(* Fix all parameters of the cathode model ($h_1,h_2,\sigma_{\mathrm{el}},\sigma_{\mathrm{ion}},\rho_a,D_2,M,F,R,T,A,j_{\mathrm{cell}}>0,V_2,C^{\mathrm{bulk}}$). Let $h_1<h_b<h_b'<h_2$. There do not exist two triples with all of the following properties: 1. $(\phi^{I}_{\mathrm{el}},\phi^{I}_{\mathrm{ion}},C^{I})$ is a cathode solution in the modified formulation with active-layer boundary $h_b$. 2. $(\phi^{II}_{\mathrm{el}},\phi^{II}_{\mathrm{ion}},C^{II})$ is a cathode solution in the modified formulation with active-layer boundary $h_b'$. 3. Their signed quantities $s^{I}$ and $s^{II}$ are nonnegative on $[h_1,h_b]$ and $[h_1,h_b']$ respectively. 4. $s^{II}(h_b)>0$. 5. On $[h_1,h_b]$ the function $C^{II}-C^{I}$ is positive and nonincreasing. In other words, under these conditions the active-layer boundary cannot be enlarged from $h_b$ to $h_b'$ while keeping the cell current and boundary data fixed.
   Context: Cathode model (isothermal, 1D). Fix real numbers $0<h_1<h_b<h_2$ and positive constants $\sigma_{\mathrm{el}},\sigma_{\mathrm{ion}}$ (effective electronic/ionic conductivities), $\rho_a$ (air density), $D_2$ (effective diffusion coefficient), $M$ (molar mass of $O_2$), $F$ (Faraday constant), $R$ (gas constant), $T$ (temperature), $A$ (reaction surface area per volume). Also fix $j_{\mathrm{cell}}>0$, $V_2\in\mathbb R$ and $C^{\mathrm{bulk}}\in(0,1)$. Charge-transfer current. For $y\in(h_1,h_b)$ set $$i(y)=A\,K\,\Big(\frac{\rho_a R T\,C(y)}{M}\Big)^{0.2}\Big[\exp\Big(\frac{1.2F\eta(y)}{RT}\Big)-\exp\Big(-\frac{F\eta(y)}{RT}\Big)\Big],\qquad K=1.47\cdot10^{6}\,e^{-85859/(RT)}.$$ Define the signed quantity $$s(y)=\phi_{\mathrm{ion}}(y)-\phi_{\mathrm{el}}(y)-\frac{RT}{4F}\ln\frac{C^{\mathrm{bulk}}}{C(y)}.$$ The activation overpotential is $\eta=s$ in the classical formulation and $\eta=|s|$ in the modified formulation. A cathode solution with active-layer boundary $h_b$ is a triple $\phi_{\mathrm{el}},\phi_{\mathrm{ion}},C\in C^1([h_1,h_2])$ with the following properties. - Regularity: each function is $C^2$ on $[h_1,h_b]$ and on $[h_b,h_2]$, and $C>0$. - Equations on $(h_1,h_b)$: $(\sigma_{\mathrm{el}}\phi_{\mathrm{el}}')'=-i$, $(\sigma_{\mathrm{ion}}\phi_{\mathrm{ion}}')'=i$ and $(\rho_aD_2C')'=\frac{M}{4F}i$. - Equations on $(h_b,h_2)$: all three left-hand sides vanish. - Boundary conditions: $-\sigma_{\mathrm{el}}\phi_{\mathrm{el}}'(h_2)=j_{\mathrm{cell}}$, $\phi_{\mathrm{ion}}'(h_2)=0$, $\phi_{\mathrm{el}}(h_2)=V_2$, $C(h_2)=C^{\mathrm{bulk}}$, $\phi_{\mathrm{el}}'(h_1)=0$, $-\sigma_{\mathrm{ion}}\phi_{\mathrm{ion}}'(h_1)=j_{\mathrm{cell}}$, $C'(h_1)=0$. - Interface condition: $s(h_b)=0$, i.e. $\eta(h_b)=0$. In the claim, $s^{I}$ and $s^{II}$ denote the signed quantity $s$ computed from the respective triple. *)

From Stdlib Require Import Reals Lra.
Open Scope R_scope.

DIRECTIONS ->
Set down the whole listing exactly.

REPLY ->
(* Fix all parameters of the cathode model ($h_1,h_2,\sigma_{\mathrm{el}},\sigma_{\mathrm{ion}},\rho_a,D_2,M,F,R,T,A,j_{\mathrm{cell}}>0,V_2,C^{\mathrm{bulk}}$). Let $h_1<h_b<h_b'<h_2$. There do not exist two triples with all of the following properties: 1. $(\phi^{I}_{\mathrm{el}},\phi^{I}_{\mathrm{ion}},C^{I})$ is a cathode solution in the modified formulation with active-layer boundary $h_b$. 2. $(\phi^{II}_{\mathrm{el}},\phi^{II}_{\mathrm{ion}},C^{II})$ is a cathode solution in the modified formulation with active-layer boundary $h_b'$. 3. Their signed quantities $s^{I}$ and $s^{II}$ are nonnegative on $[h_1,h_b]$ and $[h_1,h_b']$ respectively. 4. $s^{II}(h_b)>0$. 5. On $[h_1,h_b]$ the function $C^{II}-C^{I}$ is positive and nonincreasing. In other words, under these conditions the active-layer boundary cannot be enlarged from $h_b$ to $h_b'$ while keeping the cell current and boundary data fixed.
   Context: Cathode model (isothermal, 1D). Fix real numbers $0<h_1<h_b<h_2$ and positive constants $\sigma_{\mathrm{el}},\sigma_{\mathrm{ion}}$ (effective electronic/ionic conductivities), $\rho_a$ (air density), $D_2$ (effective diffusion coefficient), $M$ (molar mass of $O_2$), $F$ (Faraday constant), $R$ (gas constant), $T$ (temperature), $A$ (reaction surface area per volume). Also fix $j_{\mathrm{cell}}>0$, $V_2\in\mathbb R$ and $C^{\mathrm{bulk}}\in(0,1)$. Charge-transfer current. For $y\in(h_1,h_b)$ set $$i(y)=A\,K\,\Big(\frac{\rho_a R T\,C(y)}{M}\Big)^{0.2}\Big[\exp\Big(\frac{1.2F\eta(y)}{RT}\Big)-\exp\Big(-\frac{F\eta(y)}{RT}\Big)\Big],\qquad K=1.47\cdot10^{6}\,e^{-85859/(RT)}.$$ Define the signed quantity $$s(y)=\phi_{\mathrm{ion}}(y)-\phi_{\mathrm{el}}(y)-\frac{RT}{4F}\ln\frac{C^{\mathrm{bulk}}}{C(y)}.$$ The activation overpotential is $\eta=s$ in the classical formulation and $\eta=|s|$ in the modified formulation. A cathode solution with active-layer boundary $h_b$ is a triple $\phi_{\mathrm{el}},\phi_{\mathrm{ion}},C\in C^1([h_1,h_2])$ with the following properties. - Regularity: each function is $C^2$ on $[h_1,h_b]$ and on $[h_b,h_2]$, and $C>0$. - Equations on $(h_1,h_b)$: $(\sigma_{\mathrm{el}}\phi_{\mathrm{el}}')'=-i$, $(\sigma_{\mathrm{ion}}\phi_{\mathrm{ion}}')'=i$ and $(\rho_aD_2C')'=\frac{M}{4F}i$. - Equations on $(h_b,h_2)$: all three left-hand sides vanish. - Boundary conditions: $-\sigma_{\mathrm{el}}\phi_{\mathrm{el}}'(h_2)=j_{\mathrm{cell}}$, $\phi_{\mathrm{ion}}'(h_2)=0$, $\phi_{\mathrm{el}}(h_2)=V_2$, $C(h_2)=C^{\mathrm{bulk}}$, $\phi_{\mathrm{el}}'(h_1)=0$, $-\sigma_{\mathrm{ion}}\phi_{\mathrm{ion}}'(h_1)=j_{\mathrm{cell}}$, $C'(h_1)=0$. - Interface condition: $s(h_b)=0$, i.e. $\eta(h_b)=0$. In the claim, $s^{I}$ and $s^{II}$ denote the signed quantity $s$ computed from the respective triple. *)

From Stdlib Require Import Reals Lra.
Open Scope R_scope.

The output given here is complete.